Decline of the West

CWest Scott McLemee reviews Cornel West's Brother West in Inside Higher Ed:

Cornel West’s work was once bold, challenging, exciting. The past tense here is unavoidable. His critical edge and creative powers might yet be reborn (he is 56). But in the wake of his latest book, Brother West: Living and Loving Out Loud, this hope requires a considerable leap of faith. Published by Hay House, the book also bears a second subtitle: “A Memoir.” It is the most disappointing thing I have read in at least a year.

This is not the intellectual autobiography West promised a decade ago. In essence it is a fawning celebrity profile — one in which reporter and superstar have somehow fused into a single first-person voice. And in fact that turns out to be quite literally true.
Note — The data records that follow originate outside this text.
Lemma conjugate_discrete_subgroup : discrete_subgroup (conjugate G g).
Proof.
  unfold conjugate; constructor.
  - intros X HX; apply (ds_SL2 _ HG) in HX.
    rewrite <- (conjugateK g X) by auto.
    apply SL2_mmul; [apply SL2_minv|apply SL2_mmul]; auto.
  - rewrite mmul_1l, mmul_minv_r; [apply (ds_one _ HG)|auto].
  - intros X Y HX HY; rewrite conjugate_mmul; apply (ds_mul _ HG); auto.
  - intros X HX; rewrite <- (minvK g) at 1; rewrite <- !minv_mmul, mmul_assoc.
    apply (ds_inv _ HG); auto.
  - destruct (ds_discrete _ HG) as [eps [Heps Hdisc]].
    set (k := 4 * mnorm g ^ 2 + 1).
    assert (Hk : 0 < k) by (unfold k; nra).
    exists (eps / k); split; [apply Rdiv_lt_0_compat; auto|].
    intros X HX HXd.
    assert (E : mmul g (mmul X (minv g)) = mI).
    { apply Hdisc; auto.
      eapply Rle_lt_trans; [apply mdist_conj_1; auto|].
      pose proof (mdist_nonneg X mI).
      apply Rmult_lt_compat_l with (r := k) in HXd; auto.
      replace (k * (eps / k)) with eps in HXd by (field; lra).
      unfold k in *; nra. }
    rewrite <- (conjugateK g X), E, mmul_1l, mmul_minv_l; auto.
Qed.

End Conjugate.

Fixpoint shimizu_seq (s : R) (X : mat) (n : nat) : mat :=
  match n with
  | O => X
  | S k => let Y := shimizu_seq s X k in mmul Y (mmul (transl s) (minv Y))
  end.

Lemma SL2_shimizu_seq s X n : SL2 X -> SL2 (shimizu_seq s X n).
Proof.
  intro HX; induction n as [|n IH]; cbn [shimizu_seq]; auto.
  rewrite conj_transl by auto; unfold SL2, mdet in *; cbn [ma mb mc md]; nra.
Qed.

Lemma shimizu_seq_succ s X n : SL2 X ->
  let Y := shimizu_seq s X n in
  ma (shimizu_seq s X (S n)) = 1 - s * ma Y * mc Y /\
  mc (shimizu_seq s X (S n)) = - s * mc Y ^ 2.
Proof.
  intros HX Y; cbn [shimizu_seq]; fold Y.
  rewrite conj_transl by (apply SL2_shimizu_seq; auto); split; reflexivity.
Qed.

Lemma shimizu_seq_mc_neq0 s X n : SL2 X -> s <> 0 -> mc X <> 0 ->
  mc (shimizu_seq s X n) <> 0.
Proof.
  intros HX Hs HcX; induction n as [|n IH]; auto.
  destruct (shimizu_seq_succ s X n HX) as [_ ->].
  intro E; apply IH; assert (mc (shimizu_seq s X n) ^ 2 = 0) by
    (apply (Rmult_eq_reg_l (- s)); lra).
  nra.
Qed.

Lemma pow_quarter_le n : 0 <= (/ 4) ^ S n <= / 4.
Proof.
  pose proof (pow_incr (/ 4) 1 n ltac:(lra)); rewrite pow1 in *.
  cbn [pow]; split; [apply Rmult_le_pos; [lra | apply pow_le; lra] | nra].
Qed.

Lemma pow_quarter_small y : 0 < y -> exists n, (/ 4) ^ S n < y.
Proof.
  intro Hy; destruct (pow_lt_1_zero (/ 4) ltac:(rewrite Rabs_pos_eq; lra) y Hy) as [N HN].
  exists N; specialize (HN (S N) ltac:(auto)).
  rewrite Rabs_pos_eq in HN by (apply pow_le; lra); auto.
Qed.

(* With x_n := s c_n one has x_(n+1) = - x_n ^ 2. *)
Lemma shimizu_seq_decay s X n : SL2 X -> Rabs (s * mc X) <= / 4 ->
  let Y := shimizu_seq s X n in
  Rabs (s * mc Y) <= (/ 4) ^ S n /\ Rabs (ma Y) <= 2 * (Rabs (ma X) + 1).
Proof.
  intros HX Hx; induction n as [|n IH]; intro Y.
  - cbn in Y |- *; pose proof (Rabs_pos (ma X)); lra.
  - destruct IH as [IHx IHa].
    destruct (shimizu_seq_succ s X n HX) as [Ea Ec]; fold Y in Ea, Ec.
    set (a := ma (shimizu_seq s X n)) in *; set (c := mc (shimizu_seq s X n)) in *.
    pose proof (pow_quarter_le n).
    pose proof (Rabs_pos (s * c)); pose proof (Rabs_pos a).
    split.
    + rewrite Ec; replace (s * (- s * c ^ 2)) with (- ((s * c) * (s * c))) by ring.
      rewrite Rabs_Ropp, Rabs_mult; cbn [pow] in *; nra.
    + rewrite Ea; replace (1 - s * a * c) with (1 + - (a * (s * c))) by ring.
      eapply Rle_trans; [apply Rabs_triang|].
      rewrite Rabs_R1, Rabs_Ropp, Rabs_mult; pose proof (Rabs_pos (ma X)); nra.
Qed.

Lemma conj_transl_near_transl s Y e B : 0 < s -> SL2 Y ->
  Rabs (ma Y - 1) <= e -> Rabs (s * mc Y) <= e -> e <= 1 -> Rabs (ma Y) <= B ->
  mdist (mmul Y (mmul (transl s) (minv Y))) (transl s) <= (B + s * (B + 1) + / s) * e.
Proof.
  intros Hs HY Ha Hx He HB.
  rewrite conj_transl by auto.
  set (a := ma Y) in *; set (c := mc Y) in *.
  assert (0 <= e) by (pose proof (Rabs_pos (s * c)); lra).
  assert (Hsi : 0 < / s) by (apply Rinv_0_lt_compat; auto).
  assert (Hax : Rabs (a * (s * c)) <= B * e)
    by (rewrite Rabs_mult; apply Rmult_le_compat; auto using Rabs_pos).
  pose proof (Rabs_pos (a + 1)).
  assert (Ha1 : Rabs (a + 1) <= B + 1)
    by (pose proof (Rabs_triang a 1); rewrite Rabs_R1 in *; lra).
  assert (Hxx : Rabs ((s * c) * (s * c)) <= e)
    by (rewrite Rabs_mult; pose proof (Rabs_pos (s * c)); nra).
  assert (0 <= B) by (pose proof (Rabs_pos a); lra).
  assert (0 <= s * (B + 1) * e) by (repeat apply Rmult_le_pos; lra).
  assert (0 <= / s * e) by (apply Rmult_le_pos; lra).
  assert (0 <= B * e) by (apply Rmult_le_pos; lra).
  apply mdist_le; unfold transl; cbn [ma mb mc md].
  - replace (1 - s * a * c - 1) with (- (a * (s * c))) by ring.
    rewrite Rabs_Ropp; lra.
  - replace (s * a ^ 2 - s) with (s * ((a - 1) * (a + 1))) by ring.
    rewrite !Rabs_mult, (Rabs_pos_eq s) by lra.
    assert (Rabs (a - 1) * Rabs (a + 1) <= e * (B + 1))
      by (apply Rmult_le_compat; auto using Rabs_pos).
    nra.
  - replace (- s * c ^ 2 - 0) with (- (/ s * ((s * c) * (s * c)))) by (field; lra).
    rewrite Rabs_Ropp, Rabs_mult, (Rabs_pos_eq (/ s)) by lra.
    nra.
  - replace (1 + s * a * c - 1) with (a * (s * c)) by ring.
    lra.
Qed.

Lemma shimizu_seq_cvg_transl s X eps : 0 < s -> SL2 X -> Rabs (s * mc X) <= / 4 -> 0 < eps ->
  exists n, mdist (shimizu_seq s X n) (transl s) < eps.
Proof.
  intros Hs HX Hsmall Heps.
  set (B := 2 * (Rabs (ma X) + 1)).
  assert (HB : 2 <= B) by (unfold B; pose proof (Rabs_pos (ma X)); lra).
  set (K := B + s * (B + 1) + / s).
  assert (HK : 0 <= K).
  { assert (0 < / s) by (apply Rinv_0_lt_compat; auto).
    assert (0 <= s * (B + 1)) by (apply Rmult_le_pos; lra).
    unfold K; lra. }
  destruct (pow_quarter_small (Rmin 1 eps / (K * B + B))
              ltac:(apply Rdiv_lt_0_compat; [apply Rmin_glb_lt|]; nra)) as [n Hn].
  pose proof (pow_quarter_le n).
  set (r := (/ 4) ^ S n) in *.
  assert (Hr : (K * B + B) * r < Rmin 1 eps).
  { apply Rmult_lt_compat_l with (r := K * B + B) in Hn; [|nra].
    replace ((K * B + B) * (Rmin 1 eps / (K * B + B))) with (Rmin 1 eps) in Hn by (field; nra).
    lra. }
  pose proof (Rmin_l 1 eps); pose proof (Rmin_r 1 eps).
  exists (S (S n)).
  set (Y := shimizu_seq s X (S n)).
  destruct (shimizu_seq_decay s X n HX Hsmall) as [Hxn Han]; fold r B in Hxn, Han.
  destruct (shimizu_seq_decay s X (S n) HX Hsmall) as [HxY HaY]; fold B Y in HxY, HaY.
  destruct (shimizu_seq_succ s X n HX) as [EaY _]; fold Y in EaY.
  assert (HaY1 : Rabs (ma Y - 1) <= B * r).
  { rewrite EaY.
    replace (1 - s * _ * _ - 1)
      with (- (ma (shimizu_seq s X n) * (s * mc (shimizu_seq s X n)))) by ring.
    rewrite Rabs_Ropp, Rabs_mult; apply Rmult_le_compat; auto using Rabs_pos. }
  assert (HxY' : Rabs (s * mc Y) <= B * r)
    by (change ((/ 4) ^ S (S n)) with (/ 4 * r) in HxY; nra).
  pose proof (conj_transl_near_transl s Y (B * r) B Hs (SL2_shimizu_seq s X (S n) HX)
                HaY1 HxY' ltac:(nra) HaY) as Hnear.
  assert (0 <= B * r) by nra.
  change (shimizu_seq s X (S (S n))) with (mmul Y (mmul (transl s) (minv Y))).
  fold K in Hnear; lra.
Qed.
In the final pages, West pays tribute to David Ritz, his collaborator, who has undertaken similar projects with Marvin Gaye and Grandmaster Flash, among others.

“David Ritz and I have worked together to sculpt a voice that I hear as my own,” explains West, or someone trying to sound like him. “Many of my other books were written in what I consider an ‘academic voice.’ Brother West is rendered in a ‘conversational’ voice.”

In this respect, of course, the Class of 1943 University Professor in the Center for African American Studies at Princeton University is following the lead of David Hume – who, after writing A Treatise of Human Nature, published numerous very popular essays with the help of a writer from Entertainment Weekly.

The problem, to be clear, is not that this is meant to be is a popular book, or even that West himself could not be bothered to write it. Brother West offers much evidence that amour propre and self-knowledge are not the same thing. One tends to be in conflict with the other. A memoir will often show traces of the struggle between them.

Not so here. That battle is plainly over. Self-knowledge has been taken hostage, and amour propre curdled into self-infatuation.